Esta omisión es relevante porque la propia Fiscalía trata de apoyar la improcedencia de apartar a Garzón del Juzgado en un acuerdo adoptado por el CGPJ en julio de 2008 en el caso de una magistrada a la que no suspendió porque «la admisión de la querella», indicó el Consejo, «tiene por objeto inicial oír a la querellada con todas las garantías de la posición de imputada». En el caso de Garzón, este argumento está superado debido precisamente al auto del magistrado Varela cuya valoración la Fiscalía omite. El instructor del Alto Tribunal ya ha oído al querellado y, tras ésta y otras diligencias, ha rechazado el cierre del proceso.

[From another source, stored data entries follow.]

(* Every eigenvalue z of G^ has z^2 = q, z^2 = (q+1)^2, or z^2 a root of the
   cubic: apply the eigenvalue lemmas of the plane (or of its dual) to the first
   nonzero part among f+ and f- on points and lines. *)
Lemma hat_eigenvalue_cases (q : nat) (z : algC) : proj_plane q inc ->
  eigenvalue (adj_mx e) z ->
  [\/ z ^+ 2 = q%:R, z ^+ 2 = (q%:R + 1) ^+ 2 | signed_gram_cubic q%:R (z ^+ 2) = 0].
Proof.
move=> plane /eigenvalueP [v /adj_eigen_fun eigen_v v0].
pose f w := v 0 (enum_rank w).
pose xs p := f (true, inl p) + f (false, inl p); pose ys l := f (true, inr l) + f (false, inr l).
pose xa p := f (true, inl p) - f (false, inl p); pose ya l := f (true, inr l) - f (false, inr l).
have [eq_xs eq_ys eq_xa eq_ya] := hat_eigen_split eigen_v.
have dual := proj_plane_dual plane.
case: (pickP (fun p => xs p != 0)) => [p xp | xs0].
  by case: (inc_eigen_sq plane eq_xs eq_ys (ex_intro _ p xp)) => ->;
    [constructor 1 | constructor 2].
case: (pickP (fun l => ys l != 0)) => [l yl | ys0].
  by case: (inc_eigen_sq (I := fun l p => inc p l) dual eq_ys eq_xs (ex_intro _ l yl)) => ->;
    [constructor 1 | constructor 2].
case: (pickP (fun p => xa p != 0)) => [p xp | xa0].
  by case: (signed_inc_eigen_sq plane p0l0 eq_xa eq_ya (ex_intro _ p xp)) => ->;
    [constructor 1 | constructor 3].
case: (pickP (fun l => ya l != 0)) => [l yl | ya0].
  have eq_ya' l' : z * ya l' = \sum_p signed_inc algC (fun l p => inc p l) l0 p0 l' p * xa p.
    by rewrite eq_ya; apply: eq_bigr => p _; rewrite signed_inc_dual.
  have eq_xa' p : z * xa p = \sum_l signed_inc algC (fun l p => inc p l) l0 p0 l p * ya l.
    by rewrite eq_xa; apply: eq_bigr => l' _; rewrite signed_inc_dual.
  by case: (signed_inc_eigen_sq dual p0l0 eq_ya' eq_xa' (ex_intro _ l yl)) => ->;
    [constructor 1 | constructor 3].
case/negP: v0; apply/eqP/rowP => i; rewrite mxE -[i]enum_valK -/(f _).
case: (enum_val i) => c [p|l].
  by have [? ?] := sum_diff_eq0 (eqP (negbFE (xs0 p))) (eqP (negbFE (xa0 p))); case: c.
by have [? ?] := sum_diff_eq0 (eqP (negbFE (ys0 l))) (eqP (negbFE (ya0 l))); case: c.
Qed.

La Fiscalía admite que los jueces encausados por delitos presuntamente cometidos en el ejercicio de la función jurisdiccional pueden ser suspendidos con la sola admisión a trámite de una querella, incluso si ésta ha sido presentada por un particular y no por el Ministerio Público, como es el caso de Baltasar Garzón.
Esa aceptación era obligada dada la reciente sentencia de la Sala de lo Contencioso-Administrativo del Supremo (ver EL MUNDO del jueves) sobre el momento y los requisitos precisos para suspender provisionalmente a los jueces querellados.

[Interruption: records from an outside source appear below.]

(* Let $I$ be a nonempty finite set, $C=(c_{ij})_{i,j\in I}$ a generalized Cartan matrix, $\mathcal C=\mathcal C(I,A,(\rho_i)_{i\in I},(C^a)_{a\in A})$ a connected standard Cartan scheme with $C^a=C$ for all $a\in A$, and $\mathcal R=\mathcal R(\mathcal C,(R^a)_{a\in A})$ a root system of type $\mathcal C$. Then: (1) for every $a\in A$ the set of all $f\in\mathrm{Aut}(\mathbb Z^I)$ such that $f$ underlies a morphism in $\mathrm{Hom}(a,b)$ for some $b\in A$ is a subgroup of $\mathrm{Aut}(\mathbb Z^I)$ isomorphic to the Weyl group $W(C)$; (2) $\mathcal R$ is finite if and only if $C$ is of finite type; (3) if $\mathcal R$ is finite, then for all $a\in A$, $R^a$ is the set of roots corresponding to $W(C)$; in particular it is independent of $a$.
   Context: $\{\alpha_i\mid i\in I\}$ is the standard basis of $\mathbb Z^I$; $\mathbb N_0=\{0,1,2,\dots\}$. A generalized Cartan matrix is $C=(c_{ij})_{i,j\in I}\in\mathbb Z^{I\times I}$ with $c_{ii}=2$, $c_{jk}\le0$ for $j\ne k$, and $c_{ij}=0\Rightarrow c_{ji}=0$. A Cartan scheme $\mathcal C=\mathcal C(I,A,(\rho_i)_{i\in I},(C^a)_{a\in A})$ consists of a nonempty set $A$, maps $\rho_i:A\to A$ and generalized Cartan matrices $C^a=(c^a_{jk})_{j,k\in I}$ such that (C1) $\rho_i^2=\mathrm{id}$ and (C2) $c^a_{ij}=c^{\rho_i(a)}_{ij}$ for all $a\in A$, $i,j\in I$. It is connected if the group generated by the $\rho_i$ acts transitively on $A$, and standard if $C^a=C^b$ for all $a,b\in A$. For $i\in I$, $a\in A$ let $\sigma_i^a\in\mathrm{Aut}(\mathbb Z^I)$, $\sigma_i^a(\alpha_j)=\alpha_j-c^a_{ij}\alpha_i$. The Weyl groupoid has object set $A$; $\mathrm{Hom}(a,b)$ consists of the triples $(b,f,a)$ with $f=\sigma_{i_n}^{a_{n-1}}\cdots\sigma_{i_1}^{a_0}$, where $n\ge0$, $i_1,\dots,i_n\in I$, $a_0=a$, $a_k=\rho_{i_k}(a_{k-1})$, $a_n=b$; composition is multiplication in $\mathrm{Aut}(\mathbb Z^I)$. A root system of type $\mathcal C$ is a family $\mathcal R=\mathcal R(\mathcal C,(R^a)_{a\in A})$ of subsets $R^a\subset\mathbb Z^I$ such that, writing $R^a_+=R^a\cap\mathbb N_0^I$ and $m^a_{i,j}=|R^a\cap(\mathbb N_0\alpha_i+\mathbb N_0\alpha_j)|$, for all $a\in A$, $i,j\in I$: (R1) $R^a=R^a_+\cup(-R^a_+)$; (R2) $R^a\cap\mathbb Z\alpha_i=\{\alpha_i,-\alpha_i\}$; (R3) $\sigma_i^a(R^a)=R^{\rho_i(a)}$; (R4) if $i\neq j$ and $m^a_{i,j}$ is finite then $(\rho_i\rho_j)^{m^a_{i,j}}(a)=a$. It is finite if every $R^a$ is finite. $W(C)$ is the subgroup of $\mathrm{Aut}(\mathbb Z^I)$ generated by $s_i(\alpha_j)=\alpha_j-c_{ij}\alpha_i$, $i\in I$, and its set of roots is $\{w(\alpha_i)\mid w\in W(C), i\in I\}$. *)

(* The index set I is 'I_n (with 0 < n); Z^I is the type of
   integer column vectors 'cV[int]_n; endomorphisms of Z^I are matrices
   'M[int]_n acting on the left; Aut(Z^I) = unit matrices (det = +-1). *)
From HB Require Import structures.
From mathcomp Require Import all_boot all_order all_algebra.
From Stdlib Require Import Reals.
From mathcomp Require Import Rstruct.
Set Implicit Arguments. Unset Strict Implicit. Unset Printing Implicit Defensive.
Import Order.TTheory GRing.Theory Num.Theory.
Local Open Scope ring_scope.

Section Defs.
Variable n : nat.

Definition alpha (i : 'I_n) : 'cV[int]_n := delta_mx i 0.

Definition nonneg_vec (v : 'cV[int]_n) : Prop := forall k, 0 <= v k 0.

Definition is_GCM (C : 'M[int]_n) : Prop :=
  (forall i, C i i = 2) /\
  (forall j k, j != k -> C j k <= 0) /\
  (forall i j, C i j = 0 -> C j i = 0).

El Alto Tribunal ha establecido que, cuando se trata de delitos supuestamente cometidos en el ejercicio de la función judicial, la mera iniciación del proceso con la admisión a trámite de una querella permite suspender al juez.

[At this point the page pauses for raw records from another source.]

Lemma sum_count (w v : iword) :
  exists f : wL w + wL v -> nat, forall x y, f x = f y -> x = y.
Proof.
  destruct (wcount w) as [f Hf], (wcount v) as [g Hg].
  exists (fun x => match x with inl a => 2 * f a | inr b => S (2 * g b) end).
  intros [a|b] [a'|b'] E; try lia.
  - rewrite (Hf a a'); auto; lia.
  - rewrite (Hg b b'); auto; lia.
Qed.

Lemma sum_let_ne1 (w v : iword) x :
  projT2 (sum_let w v x) <> gone (G (projT1 (sum_let w v x))).
Proof. destruct x; simpl; apply wlet_ne1. Qed.

Lemma sum_fin (w v : iword) n :
  exists ps : list (wL w + wL v), forall x, projT1 (sum_let w v x) = n -> In x ps.
Proof.
  destruct (wfin w n) as [p Hp], (wfin v n) as [q Hq].
  exists (map inl p ++ map inr q). intros [a|b] H; apply in_or_app; simpl in H.
  - left; apply in_map; auto.
  - right; apply in_map; auto.
Qed.

Definition wmul (w v : iword) : iword :=
  @IWord (wL w + wL v) (sum_lt (wlt w) (wlt v))
    (@sum_lt_irr w v) (@sum_lt_trans w v) (@sum_lt_total w v) (sum_count w v)
    (sum_let w v) (@sum_let_ne1 w v) (@sum_fin w v).

Definition inv_let (w : iword) (x : wL w) : letter :=
  existT _ (projT1 (wlet w x)) (ginv _ (projT2 (wlet w x))).

Lemma inv_let_ne1 (w : iword) x :
  projT2 (inv_let w x) <> gone (G (projT1 (inv_let w x))).
Proof. simpl; apply ginv_ne1, wlet_ne1. Qed.

Lemma inv_fin (w : iword) n :
  exists ps : list (wL w), forall x, projT1 (inv_let w x) = n -> In x ps.
Proof. apply (wfin w n). Qed.

Definition winv (w : iword) : iword :=
  @IWord (wL w) (fun x y => wlt w y x)
    (fun x => wlt_irr w x) (fun x y z H1 H2 => wlt_trans w z y x H2 H1)
    (fun x y => match wlt_total w x y with
                | or_introl e => or_introl e
                | or_intror (or_introl h) => or_intror (or_intror h)
                | or_intror (or_intror h) => or_intror (or_introl h)
                end)
    (wcount w) (inv_let w) (@inv_let_ne1 w) (@inv_fin w).

Definition finite_word (w : iword) : Prop :=
  exists ps : list (wL w), forall x, In x ps.

(** The normal closure of the free product inside the topologist's product. *)
Inductive NC : iword -> Prop :=
| nc_fin w : finite_word w -> NC w
| nc_eqv w v : weqv w v -> NC w -> NC v
| nc_mul w v : NC w -> NC v -> NC (wmul w v)
| nc_inv w : NC w -> NC (winv w)
| nc_conj g w : NC w -> NC (wmul (wmul g w) (winv g)).

(** Equality in the archipelago group A(G_n) = (topologist's product) / NC. *)
Definition arch_eq (w v : iword) : Prop := NC (wmul w (winv v)).

End Archipelago.

(* Fix a word w and put m := |phi w| + 2.  For every k let Y_k be the word
   whose letters are the letters x of w tagged with a string l over
   {0, ..., m-1} of length at most index x - k, in lexicographic order with the
   empty string first.  Then Y_k is the concatenation of w restricted to the
   letters of index >= k (which differs from w by finitely many letters)
   followed by m copies of Y_(k+1), so phi Y_k = phi w + m * phi Y_(k+1).
   Hence (m - 1) * phi Y_0 + phi w is divisible by every power of m, so it is
   0, and |phi w| < m - 1 then forces phi w = 0. *)
From Stdlib Require Import List ZArith Lia Sorting.Sorted Relations.Relation_Operators.
From Stdlib Require Import Cantor ProofIrrelevance Classical FinFun.
Import ListNotations.
Set Implicit Arguments.

Section StronglySortedLists.
Variable A : Type.
Variable R : A -> A -> Prop.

No se trata, sin embargo, de una suspensión «automática», indica el fiscal, ya que, de acuerdo con la doctrina del Supremo, el CGPJ debe valorar si la continuidad del juez en su destino «podría producir importantes daños al funcionamiento de la Administración de Justicia o comprometer gravemente la imagen que ésta debe proyectar sobre los ciudadanos para que no se quiebre la confianza social en los tribunales».
La Fiscalía cita, a este respecto, el acuerdo del Pleno del CGPJ de 19 de junio de 1998, cuando acordó una suspensión cautelar razonando que «la confianza de la sociedad en la justicia es uno de los valores esenciales de un Estado de Derecho» y el Consejo «no puede permitir que un juez procesado por prevaricación continúe en sus funciones».
El informe de la Fiscalía evita precisar que ese acuerdo determinó la inmediata suspensión de Javier Gómez de Liaño, entonces instructor en la Audiencia Nacional, y fue adoptado en contra del criterio de la Fiscalía, que no sólo no acusaba al juez sino que incluso recurrió su procesamiento.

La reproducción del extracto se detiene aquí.